There are numerous reasons to embrace a Vegan diet and lifestyle. For healthy adolescents and adults, a vegan diet can be much more than a healthy lifestyle choice. The vegan diet is rich in foods proven to promote good health in practically every area of nutrition, whereas the average college student's diet is often conducive to various health issues including obesity, high blood pressure, and diabetes.
The Western diet is clearly in peril, which is why more people are opting to go vegan every day. It is a good choice for your body, but is it also a good choice for your brain? Can going vegan help you get better grades? Let's explore those questions in a little greater depth. The answers might surprise you.
Bioavailability of Nutrients
There have been numerous studies done on people who embrace a vegan lifestyle to determine if a vegan diet contributes to or inhibits brain health. One consistent finding centres around bioavailability of nutrients in a vegan diet. Our species is not genetically predisposed to a vegan diet, so our food choices in that arena can, and do, have a significant impact on how our bodies process the nutrients we put in.
Since most people embrace (and have subsequently become genetically predisposed to) an omnivorous diet, the human body tends to function optimally when both plant and animal-based nutrients like proteins, carbohydrates, and fats are consumed. Remove any part of that diet and the way our bodies process nutrients changes. Poor bioavailability of nutrients plays a significant role in the development of certain vitamin deficiencies, particularly Vitamin A. Vegans retain fewer of the nutrients in their food than people who regularly take in at least some animal-based nutrients making less of the food they eat actually beneficial to the body. Moreover, the Vegan diet almost completely excludes DHA and EPA from the equation. This is not an optimal situation for the body for several reasons.
What Are DHA and EPA?
One of the key concerns of any plant-based diet is the exclusion of even small amounts of DHA and EPA (docosahexaenoic acid and eicosapentaenoic acid, respectively). DHA and EPA are vital for maintaining healthy brain function. Lack of these nutrients also has an adverse effect on your vision, which could make it harder to see whiteboard or powerpoint presentations or even read your textbooks without straining your eyes. DHA, in particular, helps form neural transmitters, like phosphatidylserine, which is very important for healthy brain function.
Is There A Solution?
If you are vegan, you might not be too pleased with us right now, but wait. There is some good news here that can help you help your brain function optimally without abandoning your healthy eating lifestyle. One of the best tips for successful studying we can give you that doesn't require hitting the books involves doing right by your brain all the time. That includes your diet. Here is a brief list of nutrients to both bulk up in your diet and consume in supplement form:
Vitamin A – great for preserving or even improving vision. Many vegans have observable Vitamin A deficiencies whereas the general public tends to not.

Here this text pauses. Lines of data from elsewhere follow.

(* Let $(b,c)$ be a connected canonically compactifiable weighted graph over $X$. If $f\in\mathcal A$ satisfies $\mathcal L f=0$ on $X$, then $\|f\|_\infty=\|\hat f|_{\partial X}\|_\infty$.
   Context: Let $X$ be a countably infinite set. A weighted graph $(b,c)$ over $X$ consists of a symmetric $b:X\times X\to[0,\infty)$ with $b(x,x)=0$ and $\sum_{y}b(x,y)<\infty$ for all $x$, and $c:X\to[0,\infty)$; connected means any two distinct vertices are joined by a finite path of pairwise distinct vertices with consecutive ones satisfying $b>0$. The formal Laplacian acts on bounded $f$ by $\mathcal Lf(x)=\sum_y b(x,y)(f(x)-f(y))+c(x)f(x)$. Let $\widetilde Q(f)=\frac12\sum_{x,y}b(x,y)|f(x)-f(y)|^2+\sum_x c(x)|f(x)|^2$ and $\widetilde D=\{f:\widetilde Q(f)<\infty\}$; the graph is canonically compactifiable if $\widetilde D\subseteq\ell^\infty(X)$. Then $\mathcal A$ is the sup-norm closure of $\widetilde D$ in $\ell^\infty(X)$, $\mathcal A^+$ the smallest $C^*$-subalgebra of $\ell^\infty(X)$ containing $\mathcal A$ and $1$, $K$ the set of characters (nonzero multiplicative linear functionals) of $\mathcal A^+$ with the weak-$*$ topology, $\hat g(\gamma)=\gamma(g)$ for $g\in\mathcal A^+$, $\gamma\in K$. Via $x\mapsto\delta_x$ ($\delta_x(f)=f(x)$) we view $X\subseteq K$ and set $\partial X=K\setminus X$. *)

From Stdlib Require Import Reals.
Open Scope R_scope.

Definition Cx : Type := (R * R)%type.
Definition Cre (z : Cx) : R := fst z.
Definition Cim (z : Cx) : R := snd z.
Definition Cof (r : R) : Cx := (r, 0).
Definition C0 : Cx := (0, 0).
Definition C1 : Cx := (1, 0).
Definition Cadd (z w : Cx) : Cx := (fst z + fst w, snd z + snd w).
Definition Csub (z w : Cx) : Cx := (fst z - fst w, snd z - snd w).
Definition Cmul (z w : Cx) : Cx :=
  (fst z * fst w - snd z * snd w, fst z * snd w + snd z * fst w).
Definition Cconj (z : Cx) : Cx := (fst z, - snd z).
Definition Cmod (z : Cx) : R := sqrt (fst z ^ 2 + snd z ^ 2).

Section Graphs.
Context {X : Type}.
Variable e : nat -> X.   (* a fixed bijection nat -> X *)

Definition enumeration : Prop :=
  (forall n m, e n = e m -> n = m) /\ (forall x, exists n, e n = x).

Definition weighted_graph (b : X -> X -> R) (c : X -> R) : Prop :=
  (forall x y, 0 <= b x y) /\ (forall x y, b x y = b y x) /\
  (forall x, b x x = 0) /\
  (forall x, exists l, infinite_sum (fun n => b x (e n)) l) /\
  (forall x, 0 <= c x).

Definition connected (b : X -> X -> R) : Prop :=
  forall x y, x <> y ->
    exists (n : nat) (p : nat -> X),
      p 0%nat = x /\ p n = y /\
      (forall i j, (i <= n)%nat -> (j <= n)%nat -> p i = p j -> i = j) /\
      (forall i, (i < n)%nat -> 0 < b (p i) (p (S i))).

(** Q~(f) < infinity (all terms are nonnegative, so finiteness means
    bounded partial sums, independent of the enumeration) *)
Definition Qfinite (b : X -> X -> R) (c : X -> R) (f : X -> Cx) : Prop :=
  exists M, forall N,
    / 2 * sum_f_R0 (fun n => sum_f_R0 (fun m =>
             b (e n) (e m) * (Cmod (Csub (f (e n)) (f (e m)))) ^ 2) N) N
    + sum_f_R0 (fun n => c (e n) * (Cmod (f (e n))) ^ 2) N <= M.

Definition bounded (f : X -> Cx) : Prop := exists M, forall x, Cmod (f x) <= M.

Definition canonically_compactifiable (b : X -> X -> R) (c : X -> R) : Prop :=
  forall f, Qfinite b c f -> bounded f.

Definition sup_closed (S : (X -> Cx) -> Prop) : Prop :=
  forall f, bounded f ->
    (forall eps, 0 < eps -> exists g, S g /\ forall x, Cmod (Csub (f x) (g x)) <= eps) ->
    S f.

Definition in_A (b : X -> X -> R) (c : X -> R) (f : X -> Cx) : Prop :=
  bounded f /\
  forall eps, 0 < eps -> exists g, Qfinite b c g /\
    forall x, Cmod (Csub (f x) (g x)) <= eps.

Vitamin D3 – important for healthy brain development. It regulates calcium levels in the brain and protects brain cells from oxidation. Vitamin D3 also supports the hippocampus (aka the memory centre of the brain).
Vitamin K2 (MK4) – required to build sphingolipids (cell membrane components), and for healthy brain function. It is available in supplement form but is also found in abundance in fermented soy.

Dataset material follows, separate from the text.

(* Let $\mathbb{R}^n$ be endowed with the $\ell_1$ norm, let $A\in\mathbb{R}^{m\times n}$ have at least two different columns, and let $f:\mathbb{R}^m\to\mathbb{R}\cup\{\infty\}$ be a differentiable convex function with $\mathrm{conv}(A)\subseteq\mathrm{dom}(f)$ and $\mu^\star_{f,A}>0$. Consider any run of the Frank–Wolfe algorithm with away steps (described below), with arbitrary step sizes $\alpha_k\in[0,\alpha_{\max}]$. Then at every iteration $k$ the direction $v$ chosen satisfies \[ \langle\nabla f(u_k),v\rangle^2\ge\frac{\mu^\star_{f,A}}{2}(f(u_k)-f^\star)\qquad\text{and}\qquad\langle\nabla f(u_k),v\rangle\le f^\star-f(u_k). \]
   Context: $\Delta_{n-1}=\{x\in\mathbb{R}^n_+:\sum_ix_i=1\}$, $e_i$ standard basis vectors, $a_1,\dots,a_n$ the columns of $A$, $\mathrm{conv}(A)=\{Ax:x\in\Delta_{n-1}\}$; for $x\in\Delta_{n-1}$, $I(x)=\{i:x_i>0\}$. $f^\star=\min_{x\in\Delta_{n-1}}f(Ax)$, $Z^\star=\{z\in\Delta_{n-1}:f(Az)=f^\star\}$, and $\mu^\star_{f,A}=\inf_{x\in\Delta_{n-1}\setminus Z^\star}\frac{2(f(Ax)-f^\star)}{\mathrm{dist}(x,Z^\star)^2}$ with $\mathrm{dist}(x,Z^\star)=\min_{z\in Z^\star}\|x-z\|_1$. Algorithm (Frank–Wolfe with away steps): pick $x_0\in\Delta_{n-1}$, $u_0=Ax_0$. For $k=0,1,2,\dots$: let $j\in\operatorname{argmin}_{i=1,\dots,n}\langle\nabla f(u_k),a_i\rangle$ and $\ell\in\operatorname{argmax}_{i\in I(x_k)}\langle\nabla f(u_k),a_i\rangle$. If $\langle\nabla f(u_k),a_j-u_k\rangle<\langle\nabla f(u_k),u_k-a_\ell\rangle$ or $|I(x_k)|=1$ (regular step), set $v=a_j-u_k$, $w=e_j-x_k$, $\alpha_{\max}=1$; otherwise (away step) set $v=u_k-a_\ell$, $w=x_k-e_\ell$, $\alpha_{\max}=\frac{\langle e_\ell,x_k\rangle}{1-\langle e_\ell,x_k\rangle}$. Choose $\alpha_k\in[0,\alpha_{\max}]$ and set $x_{k+1}=x_k+\alpha_kw$, $u_{k+1}=u_k+\alpha_kv=Ax_{k+1}$. *)

From HB Require Import structures.
From mathcomp Require Import all_boot all_order all_algebra.
From mathcomp Require Import all_classical all_reals all_analysis.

Vitamin B12 – necessary for synthesizing RNA, DNA, red blood cells, and myelin. A B12 deficiency can also cause a host of psychiatric issues, including memory issues, depression, and, in certain extreme cases, psychosis. The vegan diet typically contains no B12, making it necessary to take it in supplement form for long-term healthy brain function.
Making Healthy Choices
No one is telling you that being vegan is bad or that you should abandon your vegan lifestyle. If you want to maintain good brain health and stay vegan, the answer to this conundrum is simple: supplement your diet with the nutrients your body is having trouble processing.
To answer the question of whether a vegan diet impacts academic performance, it can. It can have either a positive or negative effect given how you manage your diet and whether or not you supplement with the nutrients your diet lacks.